(* Let $(X,d,\mu)$ be as in the context, let $\theta>0$ and let $S\in\mathcal{ADR}_\theta(X)$ with constants $\varkappa_1,\varkappa_2$. Then: (1) $\mu(S)=0$; (2) there is $\sigma\in(0,1]$, depending on $\theta$, $\varkappa_1$, $\varkappa_2$ (and the doubling constant of $\mu$), such that $S$ is $\sigma$-porous.
   Context: Standing setting: $(X,d)$ complete separable metric space, $\mu$ a Borel regular locally finite outer measure, $\operatorname{supp}\mu=X$, uniformly locally doubling (for every $R>0$, $\sup_{r\in(0,R]}\sup_x\mu(B_{2r}(x))/\mu(B_r(x))<\infty$). Balls are closed, $B_r(x)=\{y:d(x,y)\le r\}$. A fixed $p\in(1,\infty)$; $X$ supports a weak local $(1,p)$-Poincaré inequality (for every $R>0$ there are $C,\lambda\ge1$ with $\inf_c\frac{1}{\mu(B_r(x))}\int_{B_r(x)}|f-c|d\mu\le Cr(\frac{1}{\mu(B_{\lambda r}(x))}\int_{B_{\lambda r}(x)}(\operatorname{lip}f)^pd\mu)^{1/p}$ for Lipschitz $f$, $x\in X$, $r\in(0,R]$). $\mathcal H_{\theta,\delta}(E):=\inf\{\sum\mu(B_{r_i}(x_i))r_i^{-\theta}:E\subset\bigcup B_{r_i}(x_i),0<r_i<\delta\}$ (countable covers), $\mathcal H_\theta=\lim_{\delta\to0}\mathcal H_{\theta,\delta}$. $S\in\mathcal{ADR}_\theta(X)$: $S$ closed and $\varkappa_1\mu(B_r(x))r^{-\theta}\le\mathcal H_\theta(B_r(x)\cap S)\le\varkappa_2\mu(B_r(x))r^{-\theta}$ for all $x\in S$, $r\in(0,1]$. Porosity: a ball $B$ is $(S,\sigma)$-porous if there is a ball $B'\subset B\setminus S$ with $r(B')\ge\sigma r(B)$; $S$ is $\sigma$-porous if $B_r(x)$ is $(S,\sigma)$-porous for all $x\in S$ and all $r\in(0,1]$. *)

From HB Require Import structures.
From mathcomp Require Import all_boot all_order all_algebra.
From mathcomp Require Import all_classical all_reals all_analysis.
Set Implicit Arguments. Unset Strict Implicit. Unset Printing Implicit Defensive.
Import Order.TTheory GRing.Theory Num.Theory.
Local Open Scope classical_set_scope.
Local Open Scope ring_scope.

Section MetricMeasure.
Context {R : realType} {X : pointedType}.
Variable d : X -> X -> R.

Definition is_metric : Prop :=
  (forall x y, d x y = 0 <-> x = y) /\
  (forall x y, d x y = d y x) /\
  (forall x y z, d x z <= d x y + d y z).

Definition cball (x : X) (r : R) : set X := [set y | d x y <= r].
Definition oball (x : X) (r : R) : set X := [set y | d x y < r].

Definition mopen (U : set X) : Prop :=
  forall x, U x -> exists r, 0 < r /\ oball x r `<=` U.
Definition mclosed (F : set X) : Prop := mopen (~` F).

Definition mcomplete : Prop :=
  forall u : nat -> X,
    (forall e, 0 < e -> exists N, forall m n, (N <= m)%N -> (N <= n)%N ->
        d (u m) (u n) < e) ->
    exists l, forall e, 0 < e -> exists N, forall n, (N <= n)%N -> d (u n) l < e.

Definition mseparable : Prop :=
  exists D : set X, countable D /\
    forall x e, 0 < e -> exists y, D y /\ d x y < e.

Definition borel_sets : set (set X) := <<s [set U | mopen U] >>.

Local Open Scope ereal_scope.
Variable mu : {outer_measure set X -> \bar R}.

Definition borel_regular : Prop :=
  (forall B, borel_sets B -> mu.-caratheodory B) /\
  (forall A, exists B, borel_sets B /\ A `<=` B /\ mu B = mu A).

Definition locally_finite : Prop :=
  forall x, exists r, (0 < r)%R /\ mu (cball x r) < +oo.

Definition msupport : set X :=
  [set x | forall r, (0 < r)%R -> 0 < mu (oball x r)].

Definition doubling_bounded (Cd : R -> R) : Prop :=
  forall R0, (0 < R0)%R -> forall r x, (0 < r <= R0)%R ->
    mu (cball x (2 * r)) <= (Cd R0)%:E * mu (cball x r).

Definition uniformly_locally_doubling : Prop := exists Cd, doubling_bounded Cd.

(** integration against the restriction of mu to Caratheodory-measurable sets *)
Definition mint (A : set X) (g : X -> \bar R) : \bar R :=
  \int[(mu : set (caratheodory_type mu) -> \bar R)]_(y in A) g y.

Definition mavg (A : set X) (g : X -> \bar R) : \bar R := (mu A)^-1 * mint A g.

Definition lipschitz (f : X -> R) : Prop :=
  exists L : R, forall x y, (`|f x - f y| <= L * d x y)%R.

Definition Lipr (f : X -> R) (x : X) (r : R) : \bar R :=
  ereal_sup [set (`|f y - f x|)%:E | y in cball x r] * (r^-1)%:E.

Definition lip (f : X -> R) (x : X) : \bar R :=
  ereal_sup [set ereal_inf [set Lipr f x r | r in [set r | (0 < r < delta)%R]]
            | delta in [set delta | (0 < delta)%R]].

Definition poincare (p : R) : Prop :=
  forall R0, (0 < R0)%R -> exists C lam : R, (1 <= C)%R /\ (1 <= lam)%R /\
    forall f, lipschitz f -> forall x r, (0 < r <= R0)%R ->
      ereal_inf [set mavg (cball x r) (fun y => (`|f y - c|)%:E) | c in [set: R]]
      <= (C * r)%:E *
         poweR (mavg (cball x (lam * r)) (fun y => poweR (lip f y) p)) (p^-1).

Definition Hcontent (theta delta : R) (E : set X) : \bar R :=
  ereal_inf [set s | exists (I : set nat) (c : nat -> X) (rd : nat -> R),
    E `<=` \bigcup_(i in I) cball (c i) (rd i) /\
    (forall i, I i -> (0 < rd i < delta)%R) /\
    s = \esum_(i in I) (mu (cball (c i) (rd i)) * ((rd i) `^ (- theta))%:E)].

Definition Hcodim (theta : R) (E : set X) : \bar R :=
  ereal_sup [set Hcontent theta delta E | delta in [set delta | (0 < delta)%R]].

Definition ADR (theta k1 k2 : R) (S : set X) : Prop :=
  mclosed S /\
  forall x r, S x -> (0 < r <= 1)%R ->
    k1%:E * mu (cball x r) * (r `^ (- theta))%:E <= Hcodim theta (cball x r `&` S) /\
    Hcodim theta (cball x r `&` S) <= k2%:E * mu (cball x r) * (r `^ (- theta))%:E.

End MetricMeasure.

Section Porosity.
Context {R : realType} {X : pointedType}.
Variable d : X -> X -> R.

Definition porous_ball (S : set X) (sigma : R) (x : X) (r : R) : Prop :=
  exists (y : X) (rho : R), sigma * r <= rho /\
    cball d y rho `<=` cball d x r `\` S.

Definition porous (S : set X) (sigma : R) : Prop :=
  forall x r, S x -> 0 < r <= 1 -> porous_ball S sigma x r.
End Porosity.

From HB Require Import structures.
From mathcomp Require Import all_boot all_order all_algebra.
From mathcomp Require Import all_classical all_reals all_analysis.
From mathcomp Require Import ring lra.
Import Order.TTheory GRing.Theory Num.Theory.
Local Open Scope classical_set_scope.
Local Open Scope ring_scope.

(* (1) By the ADR upper bound, S is locally of finite codimension-theta
   Hausdorff measure; since H_{theta,delta}(E) >= delta^-theta mu(E) with
   delta^-theta -> +oo, such pieces are mu-null, and separability covers S by
   countably many of them.
   (2) If B_r(x), x in S, contains no S-free ball of radius t = 2^-m r, every
   point of B_{r/2}(x) is t-close to S, so a maximal 4t-separated family y_i in
   S /\ B_{r/2+t}(x) yields B_{r/2}(x) <= U_i B_{8t}(y_i), and doubling gives
   mu(B_r(x)) <= K^4 sum_i mu(B_t(y_i)).  The pieces B_t(y_i) /\ S are 2t apart,
   so H_theta adds up over them, and the two ADR bounds give
   k1 t^-theta sum_i mu(B_t(y_i)) <= k2 r^-theta mu(B_r(x)).  Hence
   k1 2^(m theta) <= k2 K^4, which fails for m large. *)

Lemma exists_maximal_pairwise (T : eqType) (A : set T) (r : rel T) (N : nat) :
    (forall s, {in s, forall y, A y} -> pairwise r s -> (size s <= N)%N) ->
  exists s, [/\ {in s, forall y, A y}, pairwise r s &
    forall a, A a -> exists2 y, y \in s & ~~ r a y].
Proof.
move=> bounded; apply: contrapT => no_maximal.
have grow n : exists s, [/\ {in s, forall y, A y}, pairwise r s & size s = n].
  elim: n => [|n [s [sA rs sn]]]; first by exists [::].
  have [a Aa ras] : exists2 a, A a & all (r a) s.
    apply: contrapT => no_ext; apply: no_maximal; exists s; split => // a Aa.
    apply: contrapT => far; apply: no_ext; exists a => //; apply/allP => y ys.
    by apply: contrapT => /negP nr; apply: far; exists y.
  exists (a :: s); split => /=; [|by rewrite ras|by rewrite sn].
  by move=> y; rewrite inE => /predU1P[->|/sA].
have [s [sA rs sN]] := grow N.+1.
by have := bounded s sA rs; rewrite sN ltnn.
Qed.

Definition doubling_const {R : realType} (Cd : R -> R) : R := Num.max (Cd 1) 1.

Lemma doubling_const_gt0 {R : realType} (Cd : R -> R) : 0 < doubling_const Cd.
Proof. by rewrite lt_max ltr01 orbT. Qed.

Lemma doubling_const_ge0 {R : realType} (Cd : R -> R) : 0 <= doubling_const Cd.
Proof. exact: ltW (doubling_const_gt0 Cd). Qed.

Lemma outer_measure_big_setU {R : realType} {T : Type} {I : Type}
    (mu : {outer_measure set T -> \bar R}) (s : seq I) (F : I -> set T) :
  (mu (\big[setU/set0]_(i <- s) F i) <= \sum_(i <- s) mu (F i))%E.
Proof.
elim: s => [|i s IH]; first by rewrite !big_nil outer_measure0.
by rewrite !big_cons; apply: le_trans (outer_measureU2 _ _ _) (leeD2l _ IH).
Qed.

Section MetricMeasure.
Context {R : realType} {X : pointedType} (d : X -> X -> R)
  (mu : {outer_measure set X -> \bar R}).

Section Metric.
Hypothesis d_metric : is_metric d.

Lemma metric_sym x y : d x y = d y x.
Proof. by case: d_metric => _ []. Qed.

Lemma metric_triangle x y z : d x z <= d x y + d y z.
Proof. by case: d_metric => _ []. Qed.

Lemma subset_cball x y r r' : d x y + r <= r' -> cball d y r `<=` cball d x r'.
Proof.
move=> le_r z /= dyz; apply: le_trans (metric_triangle x y z) _.
by apply: le_trans le_r; rewrite lerD2l.
Qed.

End Metric.

Lemma le_cball x r r' : r <= r' -> cball d x r `<=` cball d x r'.
Proof. by move=> le_r z /= /le_trans; apply. Qed.

Section Doubling.
Context {Cd : R -> R}.
Hypothesis mu_doubling : doubling_bounded d mu Cd.
Local Notation K := (doubling_const Cd).
(* For all $n\geq 1$, $s_{n,2}(112,122)=c_n=\frac{1}{n+1}\binom{2n}{n}$, the $n$-th Catalan number.
   Context: For positive integers $n,m$, $[n]_m$ denotes the regular multiset $\{1^m,\ldots,n^m\}$, and a permutation of $[n]_m$ is a sequence of length $nm$ in which each $i\in[n]$ appears exactly $m$ times. A sequence $\sigma$ contains a pattern $\pi=\pi_1\cdots\pi_k$ if it has a subsequence $\sigma_{i_1}\cdots\sigma_{i_k}$ ($i_1<\dots<i_k$) order-isomorphic to $\pi$, i.e. $\sigma_{i_a}<\sigma_{i_b}\iff\pi_a<\pi_b$ and $\sigma_{i_a}=\sigma_{i_b}\iff\pi_a=\pi_b$; otherwise it avoids $\pi$. $s_{n,m}(\Pi)$ is the number of permutations of $[n]_m$ avoiding all patterns in $\Pi$. *)

From mathcomp Require Import all_boot.
Set Implicit Arguments. Unset Strict Implicit. Unset Printing Implicit Defensive.

Definition order_iso (t p : seq nat) : bool :=
  (size t == size p) &&
  [forall i : 'I_(size t), forall j : 'I_(size t),
     ((nth 0 t i < nth 0 t j) == (nth 0 p i < nth 0 p j)) &&
     ((nth 0 t i == nth 0 t j) == (nth 0 p i == nth 0 p j))].

Definition contains (sigma pi : seq nat) : bool :=
  [exists msk : (size sigma).-tuple bool, order_iso (mask msk sigma) pi].

Definition avoids_all (sigma : seq nat) (Pi : seq (seq nat)) : bool :=
  all (fun pi => ~~ contains sigma pi) Pi.

Definition is_multiperm (n m : nat) (s : seq nat) : bool :=
  all (fun x => 1 <= x <= n) s && all (fun i => count_mem i s == m) (iota 1 n).

Definition seq_of_tuple (n m : nat) (t : (n * m).-tuple 'I_n) : seq nat :=
  map (fun i : 'I_n => (i : nat).+1) t.

Definition s_count (n m : nat) (Pi : seq (seq nat)) : nat :=
  #|[set t : (n * m).-tuple 'I_n |
       is_multiperm n m (seq_of_tuple t) && avoids_all (seq_of_tuple t) Pi]|.

Definition catalan (n : nat) : nat := 'C(n.*2, n) %/ n.+1.

From mathcomp Require Import all_boot zify.
Set Implicit Arguments. Unset Strict Implicit. Unset Printing Implicit Defensive.

(* A {112,122}-avoiding permutation s of [n]_2 is built letter by letter from a
   state (a, b), a <= b, meaning that the letters 1..a must still be placed
   twice and a+1..b once (start: (n, n)).  Avoidance forces the next letter to
   be either a (the first copy of the largest doubled letter, state (a-1, b))
   or b (the last copy of the largest remaining letter, allowed when a < b,
   state (a, b-1)).

   Ballot words
   are enumerated by an explicit duplicate-free list [ballot_words] whose size
   is the ballot number 'C(a+b, b) - 'C(a+b, b+1), which for a = b = n is
   c_n. *)

Definition ballot_mult (a b i : nat) : nat := (0 < i <= a) + (0 < i <= b).

Lemma ballot_multDl a b i : 0 < a -> ballot_mult a b i = (a == i) + ballot_mult a.-1 b i.
Proof. rewrite /ballot_mult; lia. Qed.

Lemma ballot_multDr a b i : 0 < b -> ballot_mult a b i = (b == i) + ballot_mult a b.-1 i.
Proof. rewrite /ballot_mult; lia. Qed.

Fixpoint ballot_word (a b : nat) (s : seq nat) : bool :=
  match s with
  | [::] => (a == 0) && (b == 0)
  | x :: s' => (x == a) && (0 < a) && ballot_word a.-1 b s'
            || (x == b) && (a < b) && ballot_word a b.-1 s'
  end.

Lemma ballot_word_size a b s : ballot_word a b s -> size s = a + b.
Proof.
elim: s a b => [|x s IH] a b /=; first by case/andP => /eqP -> /eqP ->.
by case/orP => /andP [/andP [_ h] /IH ->]; lia.
Qed.

Lemma ballot_word_count a b s : ballot_word a b s ->
  forall i, count_mem i s = ballot_mult a b i.
Proof.
elim: s a b => [|x s IH] a b /=; first by case/andP => /eqP -> /eqP -> [].
case/orP => /andP [/andP [/eqP -> h] /IH hcount] i; rewrite hcount.
  by rewrite (ballot_multDl _ _ h).
by rewrite (@ballot_multDr a b) //; lia.
Qed.

Lemma mem_count_gt0 (x : nat) s : (x \in s) = (0 < count_mem x s).
Proof. by rewrite -has_pred1 has_count. Qed.

Lemma ballot_mult_range a b s x : a <= b ->
  (forall i, count_mem i s = ballot_mult a b i) -> x \in s -> 0 < x <= b.
Proof. by move=> hab hcount; rewrite mem_count_gt0 hcount /ballot_mult; lia. Qed.

Lemma subseq_pairE (y : nat) s : subseq [:: y; y] s = (1 < count_mem y s).
Proof.
elim: s => [|z s IH] //; case: (eqVneq z y) => [->|nzy] /=.
  by rewrite eqxx sub1seq mem_count_gt0.
by rewrite eq_sym (negbTE nzy) IH.
Qed.

Definition avoids112 (s : seq nat) : Prop := forall x y, x < y -> ~~ subseq [:: x; x; y] s.
Definition avoids122 (s : seq nat) : Prop := forall x y, x < y -> ~~ subseq [:: x; y; y] s.
Definition decreasing_above (a : nat) (s : seq nat) : Prop :=
  forall v w, a < v -> v < w -> ~~ subseq [:: v; w] s.

Lemma avoids112_subseq s t : subseq s t -> avoids112 t -> avoids112 s.
Proof. by move=> st h x y /h; apply: contra => /subseq_trans; apply. Qed.

Lemma avoids122_subseq s t : subseq s t -> avoids122 t -> avoids122 s.
Proof. by move=> st h x y /h; apply: contra => /subseq_trans; apply. Qed.

Lemma decreasing_above_subseq a s t : subseq s t -> decreasing_above a t -> decreasing_above a s.
Proof. by move=> st h v w av /(h _ _ av); apply: contra => /subseq_trans; apply. Qed.

(* Letters above a are emitted as successive values of b, hence in
   decreasing order. *)
Lemma ballot_word_decreasing a b s : ballot_word a b s -> decreasing_above a s.
Proof.
elim: s a b => [|z s IH] a b //= hs v w av vw.
case/orP: hs => /andP [/andP [/eqP -> h] hs].
  by rewrite /= (_ : (v == a) = false); [apply: IH hs _ _ _ vw; lia | lia].
rewrite /=; case: (eqVneq v b) => [ev|_]; last exact: IH hs _ _ av vw.
by rewrite sub1seq mem_count_gt0 (ballot_word_count hs) /ballot_mult; lia.
Qed.

(* After the first copy of x, only letters < x or decreasing letters above
   the current a follow, so x x y with x < y cannot occur. *)
Lemma ballot_word_avoids112 a b s : ballot_word a b s -> avoids112 s.
Proof.
elim: s a b => [|z s IH] a b //= hs x y xy.
case/orP: hs => /andP [/andP [/eqP -> h] hs] /=;
  case: eqVneq => [ex|_]; try exact: IH hs _ _ xy;
  by apply: (ballot_word_decreasing hs); lia.
Qed.

(* After x, every letter y > x remaining has multiplicity at most one, so
   x y y with x < y cannot occur. *)
Lemma ballot_word_avoids122 a b s : ballot_word a b s -> avoids122 s.
Proof.
elim: s a b => [|z s IH] a b //= hs x y xy.
case/orP: hs => /andP [/andP [/eqP -> h] hs] /=;
  case: eqVneq => [ex|_]; try exact: IH hs _ _ xy;
  by rewrite subseq_pairE (ballot_word_count hs) /ballot_mult; lia.
Qed.

(* In an avoiding word with the ballot multiplicities of state (a, b), a first
   letter z <= a must be a: otherwise z a a would be an occurrence of 122. *)
Lemma avoiding_head_double a b z s : a <= b ->
  (forall i, count_mem i (z :: s) = ballot_mult a b i) -> avoids122 (z :: s) ->
  z <= a -> z = a.
Proof.
move=> hab hcount h122 za; apply/eqP; rewrite eqn_leq za leqNgt; apply/negP => az.
have := h122 z a az; rewrite /= eqxx subseq_pairE.
by have := hcount a; rewrite /= /ballot_mult; lia.
Qed.

(* Likewise a first letter z > a must be b: otherwise z b would be an increasing
   pair of letters above a. *)
Lemma avoiding_head_single a b z s : a <= b ->
  (forall i, count_mem i (z :: s) = ballot_mult a b i) -> decreasing_above a (z :: s) ->
  a < z -> z = b.
Proof.
move=> hab hcount hdec az.
have zb : z <= b by have := ballot_mult_range hab hcount (mem_head z s); lia.
apply/eqP; rewrite eqn_leq zb leqNgt; apply/negP => zb'.
have := hdec z b az zb'; rewrite /= eqxx sub1seq mem_count_gt0.
by have := hcount b; rewrite /= /ballot_mult; lia.
Qed.

Lemma avoiding_ballot_word a b s : a <= b ->
  (forall i, count_mem i s = ballot_mult a b i) ->
  avoids112 s -> avoids122 s -> decreasing_above a s -> ballot_word a b s.
Proof.
elim: s a b => [|z s IH] a b hab hcount h112 h122 hdec /=.
  by have := hcount a; have := hcount b; rewrite /ballot_mult /=; lia.
have z_pos : 0 < z by have := ballot_mult_range hab hcount (mem_head z s); lia.
have h112' := avoids112_subseq (subseq_cons s z) h112.
have h122' := avoids122_subseq (subseq_cons s z) h122.
case: (leqP z a) => za.
- have ez := avoiding_head_double hab hcount h122 za; subst z.
  apply/orP; left; rewrite eqxx z_pos; apply: IH => //; first lia.
  + by move=> i; have := hcount i; rewrite /= (ballot_multDl _ _ z_pos); lia.
  + move=> v w av vw; case: (eqVneq v a) => [ev|va].
      by subst v; have := h112 a w vw; rewrite /= eqxx.
    by apply: (decreasing_above_subseq (subseq_cons s a) hdec); lia.
- have ez := avoiding_head_single hab hcount hdec za; subst z.
  apply/orP; right; rewrite eqxx za; apply: IH => //; first lia.
  + by move=> i; have := hcount i; rewrite /= (ballot_multDr _ _ z_pos); lia.
  + exact: decreasing_above_subseq (subseq_cons s b) hdec.
Qed.

Fixpoint ballot_words (k a b : nat) : seq (seq nat) :=
  match k with
  | 0 => if (a == 0) && (b == 0) then [:: [::]] else [::]
  | k'.+1 => (if 0 < a then map (cons a) (ballot_words k' a.-1 b) else [::]) ++
             (if a < b then map (cons b) (ballot_words k' a b.-1) else [::])
  end.

Lemma mem_map_cons (x a : nat) s L : (x :: s \in map (cons a) L) = (x == a) && (s \in L).
Proof.
case: eqP => [->|ne]; first by rewrite mem_map //; move=> u v [].
by apply/mapP => -[y _ [e _]].
Qed.

Lemma nil_notin_map_cons (a : nat) L : ([::] \in map (cons a) L) = false.
Proof. by apply/negbTE/mapP => -[]. Qed.

Lemma mem_ballot_words k a b s : a + b = k -> (s \in ballot_words k a b) = ballot_word a b s.
Proof.
elim: k a b s => [|k IH] a b s hk.
  have [-> ->] : a = 0 /\ b = 0 by lia.
  by case: s => [|x s] //=; rewrite andbF.
rewrite /= mem_cat; case: s => [|x s] /=.
  rewrite (_ : (a == 0) && (b == 0) = false); last lia.
  by case: (0 < a); case: (a < b); rewrite /= ?nil_notin_map_cons.
case ha: (0 < a); case hb: (a < b);
  by rewrite /= ?in_nil ?andbF ?orbF ?mem_map_cons ?IH //; lia.
Qed.

Lemma uniq_ballot_words k a b : uniq (ballot_words k a b).
Proof.
have cons_inj c : injective (cons c : seq nat -> seq nat) by move=> u v [].
elim: k a b => [|k IH] a b /=; first by case: ifP.
rewrite cat_uniq; apply/and3P; split.
- by case: ifP => // _; rewrite map_inj_uniq.
- case: (ltnP a b) => // ab; apply/hasPn => _ /mapP [s _ ->].
  by case: (0 < a); rewrite // mem_map_cons; lia.
- by case: ifP => // _; rewrite map_inj_uniq.
Qed.

Lemma size_ballot_words k a b : a + b = k -> a <= b ->
  size (ballot_words k a b) + 'C(k, b.+1) = 'C(k, b).
Proof.
elim: k a b => [|k IH] a b hk hab; first by have [-> ->] : a = 0 /\ b = 0 by lia.
case: b hk hab => [|b] hk hab; first lia.
rewrite /= size_cat !binS !(fun_if size) !size_map.
have IHl : 0 < a -> size (ballot_words k a.-1 b.+1) + 'C(k, b.+2) = 'C(k, b.+1).
  by move=> a0; apply: IH; lia.
have IHr : a < b.+1 -> size (ballot_words k a b) + 'C(k, b.+1) = 'C(k, b).
  by move=> ab; apply: IH; lia.
case: (posnP a) => [a0|a0]; case: (ltnP a b.+1) => ab.
- have bk : b = k by lia.
  have h1 : 'C(k, k.+1) = 0 by rewrite bin_small.
  have h2 : 'C(k, k.+2) = 0 by rewrite bin_small.
  by subst b; have := IHr ab; rewrite /=; lia.
- by lia.
- by have := IHl a0; have := IHr ab; rewrite /=; lia.
- have [ea kb] : a = b.+1 /\ k = b + b.+1 by lia.
  have sym : 'C(k, b.+1) = 'C(k, b) by rewrite -bin_sub; [congr 'C(_, _) | ]; lia.
  by have := IHl a0; subst a k; rewrite /= in sym *; lia.
Qed.

(* For a = b = n the ballot number is the Catalan number, since
   (n+1) 'C(2n, n+1) = n 'C(2n, n). *)
Lemma size_ballot_words_diag n : size (ballot_words (n + n) n n) = catalan n.
Proof.
have hsize := size_ballot_words (erefl (n + n)) (leqnn n).
have hleft := mul_bin_left (n + n) n; rewrite addnK in hleft.
rewrite /catalan -addnn (_ : 'C(n + n, n) = size (ballot_words (n + n) n n) * n.+1).
  by rewrite mulnK.
by nia.
Qed.

Lemma containsP (sg p : seq nat) :
  reflect (exists2 u, subseq u sg & order_iso u p) (contains sg p).
Proof.
apply: (iffP existsP) => [[msk hmsk]|[u /subseqP [m hm ->] hiso]].
  by exists (mask msk sg); first exact: mask_subseq.
by exists (Tuple (introT eqP hm)).
Qed.

Lemma order_iso112P u :
  reflect (exists x y, x < y /\ u = [:: x; x; y]) (order_iso u [:: 1; 1; 2]).
Proof.
apply: (iffP idP) => [|[x [y [xy ->]]]].
  case/andP; case: u => [|u0 [|u1 [|u2 []]]] // _ /forallP hiso.
  have /forallP /(_ (@Ordinal 3 1 isT)) /andP [_ /eqP e01] := hiso (@Ordinal 3 0 isT).
  have /forallP /(_ (@Ordinal 3 2 isT)) /andP [/eqP l02 _] := hiso (@Ordinal 3 0 isT).
  by exists u0, u2; move: e01 l02 => /= /eqP <- ->.
apply/andP; split => //; apply/forallP => -[[|[|[|i]]] hi] //; apply/forallP => -[[|[|[|j]]] hj] //=;
  rewrite ?ltnn ?eqxx ?xy ?(ltn_eqF xy) ?(gtn_eqF xy) ?(ltnNge y x) ?(ltnW xy) //.
Qed.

__Work order__
Copy each line from the data that features the string "contrapT".

__Reply__
move=> bounded; apply: contrapT => no_maximal.
    apply: contrapT => no_ext; apply: no_maximal; exists s; split => // a Aa.
    apply: contrapT => far; apply: no_ext; exists a => //; apply/allP => y ys.
    by apply: contrapT => /negP nr; apply: far; exists y.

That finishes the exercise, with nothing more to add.